During my most recent nightmarish writing group foray, the first individual fought me tooth and nail on every point and suggestion I made. She said she had already rewritten it and didn’t think it needed it another onceover. The second writer let me know, in a much nicer way, that unless I gave her technical advice, commas and such, that she had no use for what I had to say. She was just about done with her memoir. The opening did nothing to entice me to read further. I listen to stories of real people and real lives every day of my life. When I consider buying someone’s memoir it’s because their story shares something that invokes my interest. I might otherwise pick up a book of Sudoku puzzles. After thinking long and hard on the meetings, during my half hour walk home, I decided that I could do more worthy things with my time. I could spend it with people who really do want to give and receive and not just say they attend a writing critique group.
I’ve found it important to listen with discernment. Having someone tell me that my idea for a story is not good may make me storycidal. Ask the person specifically what they mean. It may be that your writing skills or their critique skills may need sharpening. Some critiques can be soul killing. During doctoral school, there were many nights I wondered why I stuck out the pain.

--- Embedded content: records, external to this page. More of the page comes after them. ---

(* Let $\mathcal B$ be a symmetric bilinear form on a vector space $A$ and $s\in A$ a fixed vector. Define $\circ:A\otimes A\to A$ by $x\circ y=\mathcal B(x,y)s-\mathcal B(x,s)y$. Then $(A,\circ)$ is an anti-pre-Lie algebra. Moreover, $\mathcal B$ is invariant on $(A,\circ)$, i.e. $\mathcal B(x\circ y,z)=\mathcal B(y,[x,z])$ for all $x,y,z\in A$ where $[x,z]=x\circ z-z\circ x$, and hence $\mathcal B$ is a commutative 2-cocycle on the Lie algebra $(A,[-,-])$.
   Context: All vector spaces are finite-dimensional over a field $\mathbb F$ of characteristic $0$. An anti-pre-Lie algebra is a vector space $A$ with a bilinear operation $\circ$ such that, writing $[x,y]=x\circ y-y\circ x$, for all $x,y,z\in A$: (i) $x\circ(y\circ z)-y\circ(x\circ z)=[y,x]\circ z$, and (ii) $[x,y]\circ z+[y,z]\circ x+[z,x]\circ y=0$. A commutative 2-cocycle on a Lie algebra is a symmetric bilinear form $\mathcal B$ with $\mathcal B([x,y],z)+\mathcal B([y,z],x)+\mathcal B([z,x],y)=0$. *)

From mathcomp Require Import all_boot all_algebra.
Set Implicit Arguments. Unset Strict Implicit. Unset Printing Implicit Defensive.
Import GRing.Theory.
Local Open Scope ring_scope.

Definition commut (V : zmodType) (op : V -> V -> V) (x y : V) : V :=
  op x y - op y x.

Definition bilin_form (F : fieldType) (V : vectType F) (B : V -> V -> F) :=
  (forall (a : F) x y z, B (a *: x + y) z = a * B x z + B y z) /\
  (forall (a : F) x y z, B x (a *: y + z) = a * B x y + B x z).

Definition bilinear_op (F : fieldType) (V : vectType F) (op : V -> V -> V) :=
  (forall (a : F) x y z, op (a *: x + y) z = a *: op x z + op y z) /\
  (forall (a : F) x y z, op x (a *: y + z) = a *: op x y + op x z).

Definition symm_form (F : fieldType) (V : vectType F) (B : V -> V -> F) :=
  forall x y, B x y = B y x.

Definition anti_pre_Lie (F : fieldType) (V : vectType F) (op : V -> V -> V) :=
  bilinear_op op /\
  (forall x y z, op x (op y z) - op y (op x z) = op (commut op y x) z) /\
  (forall x y z, op (commut op x y) z + op (commut op y z) x
                 + op (commut op z x) y = 0).

Definition invariant_form (F : fieldType) (V : vectType F)
  (op : V -> V -> V) (B : V -> V -> F) :=
  forall x y z, B (op x y) z = B y (commut op x z).

Definition comm_2_cocycle (F : fieldType) (V : vectType F)
  (br : V -> V -> V) (B : V -> V -> F) :=
  symm_form B /\
  forall x y z, B (br x y) z + B (br y z) x + B (br z x) y = 0.

Definition Bop (F : fieldType) (V : vectType F) (B : V -> V -> F) (s : V)
  (x y : V) : V := B x y *: s - B x s *: y.

From mathcomp Require Import all_boot all_algebra.
Set Implicit Arguments. Unset Strict Implicit. Unset Printing Implicit Defensive.
Import GRing.Theory.
Local Open Scope ring_scope.

(* By symmetry of [B], the commutator of [x o y = B(x,y) s - B(x,s) y] is
   [[x,y] = B(y,s) x - B(x,s) y], which is [B]-orthogonal to [s], so
   [[x,y] o z = B([x,y],z) s]. With [x o (y o z) = B(x,s)B(y,s) z - B(y,s)B(x,z) s]
   identity (i) and invariance become identities between the scalars [B(u,v)].
   Invariance alone gives [B([x,y],z) = B([x,z],y) - B([y,z],x)], which by
   antisymmetry of the bracket is the cocycle identity; identity (ii) is that
   identity multiplied by [s]. *)

Section ScalarLinear.
Variables (R : pzRingType) (V : lmodType R) (f : V -> R).
Hypothesis f_lin : forall a x y, f (a *: x + y) = a * f x + f y.

Lemma scalar_lin0 : f 0 = 0.
Proof.
have := f_lin 1 0 0; rewrite scale1r addr0 mul1r => f0_double.
by apply/(addrI (f 0)); rewrite -f0_double addr0.
Qed.

Lemma scalar_linZ a x : f (a *: x) = a * f x.
Proof. by rewrite -[a *: x]addr0 f_lin scalar_lin0 addr0. Qed.

Lemma scalar_linB x y : f (x - y) = f x - f y.
Proof. by rewrite addrC -scaleN1r f_lin mulN1r addrC. Qed.

Lemma scalar_linN x : f (- x) = - f x.
Proof. by rewrite -sub0r scalar_linB scalar_lin0 sub0r. Qed.

End ScalarLinear.

Section BilinearForm.
Variables (F : fieldType) (V : vectType F) (B : V -> V -> F).
Hypothesis hB : bilin_form B.

Lemma bilinZl a x z : B (a *: x) z = a * B x z.
Proof. exact: (scalar_linZ (f := B^~ z) (fun a x y => proj1 hB a x y z)). Qed.

Lemma bilinBl x y z : B (x - y) z = B x z - B y z.
Proof. exact: (scalar_linB (f := B^~ z) (fun a x y => proj1 hB a x y z)). Qed.

Lemma bilinNl x z : B (- x) z = - B x z.
Proof. exact: (scalar_linN (f := B^~ z) (fun a x y => proj1 hB a x y z)). Qed.

Lemma bilinZr a x y : B x (a *: y) = a * B x y.
Proof. exact: (scalar_linZ (f := B x) (proj2 hB ^~ x)). Qed.

Lemma bilinBr x y z : B x (y - z) = B x y - B x z.
Proof. exact: (scalar_linB (f := B x) (proj2 hB ^~ x)). Qed.

End BilinearForm.

Lemma commutN (W : zmodType) (op : W -> W -> W) x y :
  commut op y x = - commut op x y.
Proof. by rewrite /commut opprB. Qed.

Lemma invariant_form_comm_2_cocycle (F : fieldType) (V : vectType F)
    (op : V -> V -> V) (B : V -> V -> F) :
  bilin_form B -> symm_form B -> invariant_form op B ->
  comm_2_cocycle (commut op) B.
Proof.
move=> hB hS hinv; split=> // x y z.
have B_commut_rot u v w :
    B (commut op u v) w = - B (commut op w u) v - B (commut op v w) u.
  by rewrite bilinBl // !hinv (hS v) commutN bilinNl // (hS u).
by rewrite B_commut_rot subrK addNr.
Qed.

Section ProductFromForm.
Variables (F : fieldType) (V : vectType F) (B : V -> V -> F) (s : V).
Hypotheses (hB : bilin_form B) (hS : symm_form B).

Local Notation op := (Bop B s).
Local Notation br := (commut op).

Lemma Bop_linearl a x y z : op (a *: x + y) z = a *: op x z + op y z.
Proof.
rewrite /Bop !(proj1 hB) !scalerDl opprD addrACA.
by rewrite scalerBr !scalerA.
Qed.

Lemma Bop_linearr a x y z : op x (a *: y + z) = a *: op x y + op x z.
Proof.
rewrite /Bop (proj2 hB) scalerDl scalerDr opprD addrACA.
by rewrite scalerBr !scalerA (mulrC (B x s)).
Qed.

Lemma commut_BopE x y : br x y = B y s *: x - B x s *: y.
Proof. by rewrite /commut /Bop (hS y x) opprB addrC addrA subrK. Qed.

Lemma B_commut_BopE x y z : B (br x y) z = B y s * B x z - B x s * B y z.
Proof. by rewrite commut_BopE bilinBl // !bilinZl. Qed.

Lemma B_commut_Bop_s x y : B (br x y) s = 0.
Proof. by rewrite B_commut_BopE mulrC subrr. Qed.

Lemma Bop_commutl x y z : op (br x y) z = B (br x y) z *: s.
Proof. by rewrite /Bop B_commut_Bop_s scale0r subr0. Qed.

Lemma Bop_BopE x y z :
  op x (op y z) = (B x s * B y s) *: z - (B y s * B x z) *: s.
Proof.
rewrite {1}/Bop bilinBr // !bilinZr // scalerBl (mulrC (B y z)).
by rewrite /Bop scalerBr !scalerA opprB addrC addrA subrK.
Qed.

Lemma B_BopE x y z : B (op x y) z = B x y * B s z - B x s * B y z.
Proof. by rewrite /Bop bilinBl // !bilinZl. Qed.

Lemma Bop_invariant : invariant_form op B.
Proof.
move=> x y z; rewrite B_BopE [RHS]hS B_commut_BopE.
by rewrite (hS s z) (hS z y) mulrC.
Qed.

Lemma Bop_comm_2_cocycle : comm_2_cocycle br B.
Proof. exact: invariant_form_comm_2_cocycle hB hS Bop_invariant. Qed.

Lemma Bop_anti_pre_Lie : anti_pre_Lie op.
Proof.
split; first by split; [exact: Bop_linearl | exact: Bop_linearr].
split=> x y z.
  rewrite !Bop_BopE Bop_commutl B_commut_BopE (mulrC (B y s) (B x s)).
  by rewrite opprB addrC addrA subrK -scalerBl.
by rewrite !Bop_commutl -!scalerDl (proj2 Bop_comm_2_cocycle) scale0r.
Qed.

End ProductFromForm.

Theorem proposition2p27 (F : fieldType) (V : vectType F)
  (B : V -> V -> F) (s : V) :
  (forall p : nat, p \notin GRing.pchar F) ->
  bilin_form B -> symm_form B ->
  anti_pre_Lie (Bop B s) /\ invariant_form (Bop B s) B /\
  comm_2_cocycle (commut (Bop B s)) B.
Proof.
move=> _ hB hS; split; first exact: Bop_anti_pre_Lie.
by split; [exact: Bop_invariant | exact: Bop_comm_2_cocycle].
Qed.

During the interim, I continued to work on my piece, sent it out to many publishing houses and agents. I was blessed to receive some feedback with actual specific suggestions. I incorporated some of them because I was hoping that my good story would be transformed into a great story. This, I believe, was accomplished and I recently signed on with a publisher that is turning out to be the perfect fit that I’ve been searching for.
There is the wonderful method of silent critique. I’m finishing up an online writers course where assignments are submitted on line. Other students send in critiques and the writer is allowed the dignity of not having to defend their work. It’s been peaceful to read suggestions and thoughts that are both positive and negative. There’s a quality to a written critique that I find missing when one attempts to articulate similar thoughts using voice. Allowing the suggestions to seep into my blood vessels where the bad advice is cleansed out of my system and the good advice is cycled through my fibers at an astonishingly healthy rate is great.
A couple of crusty and experienced people have shared with me that sometimes it’s important to ‘take the cotton out of your ears and stuff it in your mouth.’ I hated this when I first heard it but now I understand exactly what it means. I’m glad that I’ve lived through and continue to receive critique. It’s taken me a while to exercise my listening muscle but I’m happy that I did and am eager to continue to do so.